Of the records that follow, copy only the lines from the line containing "Local Notation ohead := (Defs.ohead hd tl)." to the line containing "Definition integral_on_cycles x", both included, exactly as written.

START Exercise data

(* Writing lam = e2pi \o x with x : A -> (0,1) (so x = zeta lam), the cycle
   condition on lam says that x has integral sum along every oriented cycle,
   i.e. that pi x lies in H^1(Gamma;Z).  Hence zeta identifies Y(U(1),Gamma)
   with the open cube (0,1)^A cut by the preimages of lattice points of pi,
   and each such piece is convex: straight segments give the homotopies.
   Pieces of different class are separated because, after subtracting a
   coboundary built from a spanning forest, x becomes integral; this reduced
   cochain depends continuously on lam, so it is locally constant on Y and
   so is its class pi x. *)

Section Circle.
Variable R : realType.
Local Open Scope complex_scope.
Implicit Types (s t : R) (z : R[i]).

Definition e2pi s : R[i] := cos (2 * pi * s) +i* sin (2 * pi * s).

(* A closed formula for the normalized argument on U(1) \ {1}: unlike nargC it
   is visibly continuous wherever Re z <> 1. *)
Definition arg01 z : R := 2^-1 - atan (complex.Im z / (1 - complex.Re z)) / pi.

Lemma pi_neq0 : (pi : R) != 0. Proof. by rewrite gt_eqF // pi_gt0. Qed.

Lemma cos_double t : cos (2 * t) = 1 - 2 * sin t ^+ 2.
Proof. by rewrite mulr2n mulrDl mul1r cosD -!expr2 cos2sin2; ring. Qed.

Lemma sin_double t : sin (2 * t) = 2 * sin t * cos t.
Proof. by rewrite mulrDl mul1r sinD; ring. Qed.

Lemma normr_e2pi s : `|e2pi s| = 1.
Proof. by rewrite normc_def /= cos2Dsin2 sqrtr1. Qed.

Lemma e2pi_neq0 s : e2pi s != 0.
Proof. by rewrite -normr_eq0 normr_e2pi oner_eq0. Qed.

Lemma e2pi0 : e2pi 0 = 1.
Proof. by rewrite /e2pi mulr0 cos0 sin0. Qed.

Lemma e2pi1 : e2pi 1 = 1.
Proof. by rewrite /e2pi mulr1 mulr_natl cos2pi sin2pi. Qed.

Lemma e2piD s t : e2pi (s + t) = e2pi s * e2pi t.
Proof.
rewrite /e2pi !mulrDr cosD sinD; apply/eqP; rewrite eq_complex /=.
by apply/andP; split; apply/eqP; ring.
Qed.

Lemma e2piN s : e2pi (- s) = (e2pi s)^-1.
Proof.
by apply: (mulfI (e2pi_neq0 s)); rewrite -e2piD subrr e2pi0 divff // e2pi_neq0.
Qed.

Lemma e2pi_nat n : e2pi n%:R = 1.
Proof. by elim: n => [|n IH]; rewrite ?e2pi0 // -addn1 natrD e2piD IH e2pi1 mulr1. Qed.

Lemma e2pi_int (k : int) : e2pi k%:~R = 1.
Proof. by case: k => n; rewrite ?NegzE ?mulrNz ?e2piN e2pi_nat ?invr1. Qed.

Lemma arg01_gt0_lt1 z : 0 < arg01 z < 1.
Proof.
rewrite /arg01; set t := atan _.
have pi_gt0 := pi_gt0 R.
have t_lt : t / pi < 2^-1 by rewrite ltr_pdivrMr // mulrC atan_ltpi2.
have t_gt : - 2^-1 < t / pi by rewrite ltr_pdivlMr // mulNr mulrC atan_gtNpi2.
by apply/andP; split; lra.
Qed.

Lemma arg01_e2pi s : 0 < s < 1 -> arg01 (e2pi s) = s.
Proof.
move=> /andP[s_gt0 s_lt1]; rewrite /arg01 /e2pi /=.
set y := pi * s.
have y_gt0 : 0 < y by rewrite mulr_gt0 // pi_gt0.
have y_ltpi : y < pi by rewrite /y -[X in _ < X]mulr1 ltr_pM2l // pi_gt0.
have sin_gt0 : 0 < sin y by apply: sin_gt0_pi; rewrite y_gt0 y_ltpi.
rewrite -mulrA -/y cos_double sin_double.
have -> : 2 * sin y * cos y / (1 - (1 - 2 * sin y ^+ 2)) = tan (pi / 2 - y).
  have -> : pi / 2 - y = - (y - pi / 2) by ring.
  rewrite /tan sinN cosN sinBpihalf cosBpihalf opprK.
  field; have h : 0 < sin y ^+ 2 by rewrite exprn_gt0.
  by apply/andP; split; rewrite gt_eqF //; lra.
rewrite tanK; last by rewrite in_itv /=; apply/andP; split; have := pi_gt0 R; lra.
by rewrite /y mulrBl [pi * s]mulrC mulfK ?pi_neq0 // mulrAC divff ?pi_neq0 // mul1r; lra.
Qed.

Lemma U1_minus_1_Re_lt1 (a b : R) :
  U1_minus_1 (a +i* b) -> a < 1 /\ a ^+ 2 + b ^+ 2 = 1.
Proof.
rewrite /U1_minus_1 normc_def => -[[]] norm1 neq1.
have ab1 : a ^+ 2 + b ^+ 2 = 1.
  by rewrite -[LHS]sqr_sqrtr ?addr_ge0 ?sqr_ge0 // norm1 expr1n.
split => //; rewrite ltNge; apply/negP => a_ge1; apply: neq1.
have b0 : b = 0 by apply/eqP; rewrite -sqrf_eq0; have := sqr_ge0 b; nra.
have a1 : a = 1 by move: ab1; rewrite b0; nra.
by rewrite a1 b0.
Qed.

Lemma U1_minus_1_Re_neq1 z : U1_minus_1 z -> complex.Re z != 1.
Proof. by case: z => a b /U1_minus_1_Re_lt1[a_lt1 _]; rewrite lt_eqF. Qed.

Lemma e2pi_arg01 z : U1_minus_1 z -> e2pi (arg01 z) = z.
Proof.
case: z => a b /U1_minus_1_Re_lt1 [a_lt1 ab1]; rewrite /arg01 /e2pi /=.
set u := b / (1 - a); set t := atan u.
have cos_gt0 : 0 < cos t by apply: cos_gt0_pihalf; rewrite atan_gtNpi2 atan_ltpi2.
have tan_t : tan t = u by rewrite atanK.
have sin_t : sin t = u * cos t by rewrite -tan_t /tan divfK // gt_eqF.
have b2 : b ^+ 2 = 1 - a ^+ 2 by lra.
have a1_neq0 : 1 - a != 0 by rewrite gt_eqF // subr_gt0.
have cos2_t : cos t ^+ 2 = (1 - a) / 2.
  have := cos2_tan2 (negbT (gt_eqF cos_gt0)).
  have -> : 1 + tan t ^+ 2 = 2 / (1 - a) by rewrite tan_t /u expr_div_n b2; field.
  by move=> h; rewrite -[LHS]invrK h invf_div.
have -> : 2 * pi * (2^-1 - t / pi) = pi - 2 * t.
  by rewrite mulrBr [t / pi]mulrC mulrA mulfK ?pi_neq0 // mulrAC divff ?mul1r.
rewrite cosB sinB cospi sinpi cos_double sin_double !mul0r addr0 sub0r !mulN1r.
congr (_ +i* _).
  by rewrite opprB sin_t exprMn cos2_t /u expr_div_n b2; field.
by rewrite opprK sin_t -!mulrA -expr2 cos2_t /u; field.
Qed.

Lemma U1_minus_1_e2pi s : 0 < s < 1 -> U1_minus_1 (e2pi s).
Proof.
move=> s01; split; first exact: normr_e2pi.
move=> e1; have := arg01_e2pi s01; rewrite e1 /arg01 /= subrr mul0r atan0 mul0r subr0.
move=> s_half; move: e1; rewrite -s_half /e2pi => -[+ _].
have -> : 2 * pi / 2 = pi :> R by rewrite mulrAC divff ?mul1r.
by rewrite cospi => /eqP; rewrite -subr_eq0 -opprD oppr_eq0 -mulr2n pnatr_eq0.
Qed.

Lemma e2pi_eq1 t : (e2pi t == 1) = (t \is a Num.int).
Proof.
apply/eqP/idP => [e1 | /intrP[k ->]]; last exact: e2pi_int.
rewrite intrEfloor; have /andP[fl_le fl_gt] := floor_itv t.
set k := Num.floor t in fl_le fl_gt *.
apply/negPn/negP => t_nint.
have frac01 : 0 < t - k%:~R < 1.
  apply/andP; split; first by rewrite subr_gt0 lt_neqAle t_nint fl_le.
  by move: fl_gt; rewrite intrD; lra.
have [_] := U1_minus_1_e2pi frac01; apply.
by rewrite e2piD e2piN e2pi_int invr1 mulr1.
Qed.

Lemma nargC_arg01 z : U1_minus_1 z -> nargC z = arg01 z.
Proof.
move=> z1; rewrite /nargC; case: xgetP => [s _ [s01 ->] | nex].
  by rewrite [RHS]arg01_e2pi.
exfalso; apply: (nex (arg01 z)); split; first exact: arg01_gt0_lt1.
exact: esym (e2pi_arg01 z1).
Qed.

Lemma nargC_e2pi s : 0 < s < 1 -> nargC (e2pi s) = s.
Proof. by move=> s01; rewrite nargC_arg01 ?arg01_e2pi //; exact: U1_minus_1_e2pi. Qed.

End Circle.

Section CycleSums.
Variable R : realType.
Variables (V A : finType) (hd tl : A -> V).
Local Notation ohead := (Defs.ohead hd tl).
Local Notation otail := (Defs.otail hd tl).
Local Notation piH1 := (piH1 R hd tl).
Implicit Types (x : A -> R) (c q : seq (A * bool)).

Definition osign (e : bool) : R := if e then 1 else -1.

Definition cycle_sum x c : R := \sum_(p <- c) osign p.2 * x p.1.

Definition chain_of c : A -> R := fun a => \sum_(p <- c) (p.1 == a)%:R * osign p.2.

Definition coboundary (f : V -> R) : A -> R := fun a => f (hd a) - f (tl a).

Definition integral_on_cycles x :=
  forall c, oriented_cycle hd tl c -> cycle_sum x c \is a Num.int.

Definition adjacent (p q : A * bool) := ohead p == otail q.

Lemma osign_coboundary (f : V -> R) p :
  osign p.2 * coboundary f p.1 = f (ohead p) - f (otail p).
Proof. by case: p => a [] /=; rewrite /osign ?mul1r // mulN1r opprB. Qed.

Lemma cycle_sum_int y c :
  {in c, forall p, y p.1 \is a Num.int} -> cycle_sum y c \is a Num.int.
Proof.
move=> y_int; rewrite /cycle_sum big_seq; apply: rpred_sum => p /y_int.
by case: (p.2); rewrite /osign ?mul1r ?mulN1r ?rpredN.
Qed.

Lemma cycle_sumE x c : cycle_sum x c = \sum_a x a * chain_of c a.
Proof.
under [RHS]eq_bigr => a _ do rewrite big_distrr /=.
rewrite exchange_big /=; apply: eq_bigr => p _.
rewrite (bigD1 p.1) //= eqxx mul1r big1 ?addr0 1?mulrC // => a.
by rewrite eq_sym => /negPf ->; rewrite mul0r mulr0.
Qed.

Lemma cycle_sum_cons x p c : cycle_sum x (p :: c) = osign p.2 * x p.1 + cycle_sum x c.
Proof. exact: big_cons. Qed.
(* Cover A by rectangles P_i × Q_i; the lines hitting A are then covered by the
   lines meeting P_i ∩ E with direction in Q_i, so by subadditivity of the
   product outer measure it suffices to bound each such family by
   (3/2) S¹(P_i ∩ E) σ(Q_i).  Cover P_i ∩ E by balls.  For a ball B(c, r), slice
   the directions into the slabs ⌊c·w / r⌋ = k: a line x·w = s meeting the ball
   has |s - c·w| < r by Cauchy–Schwarz, so for w in slab k the offset s lies in
   an interval of length 3r.  Hence the lines meeting B(c, r) with direction in Q
   have measure at most 3r σ(Q) <= (3/2) diam B(c, r) σ(Q). *)

Section prod_outer.
Local Open Scope ereal_scope.
Context {R : realType} {X Y : Type} {mu : set X -> \bar R} {nu : set Y -> \bar R}.
Hypotheses (mu_ge0 : forall A, 0 <= mu A) (nu_ge0 : forall B, 0 <= nu B).
Implicit Types (S : set (X * Y)) (F : nat -> set X * set Y).

Definition rect_covers S := [set F : nat -> set X * set Y |
  (forall i, mu.-caratheodory (F i).1 /\ nu.-caratheodory (F i).2) /\
  S `<=` \bigcup_i ((F i).1 `*` (F i).2)].

Definition rect_cover_sum F := \sum_(i <oo) mu (F i).1 * nu (F i).2.

Lemma prod_outerE S :
  prod_outer mu nu S = ereal_inf [set rect_cover_sum F | F in rect_covers S].
Proof. by []. Qed.

Lemma rect_cover_sum_ge0 F : 0 <= rect_cover_sum F.
Proof. by apply: nneseries_ge0 => i _ _; rewrite mule_ge0. Qed.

END Exercise data

Expected answer –
Local Notation ohead := (Defs.ohead hd tl).
Local Notation otail := (Defs.otail hd tl).
Local Notation piH1 := (piH1 R hd tl).
Implicit Types (x : A -> R) (c q : seq (A * bool)).

Definition osign (e : bool) : R := if e then 1 else -1.

Definition cycle_sum x c : R := \sum_(p <- c) osign p.2 * x p.1.

Definition chain_of c : A -> R := fun a => \sum_(p <- c) (p.1 == a)%:R * osign p.2.

Definition coboundary (f : V -> R) : A -> R := fun a => f (hd a) - f (tl a).

Definition integral_on_cycles x :=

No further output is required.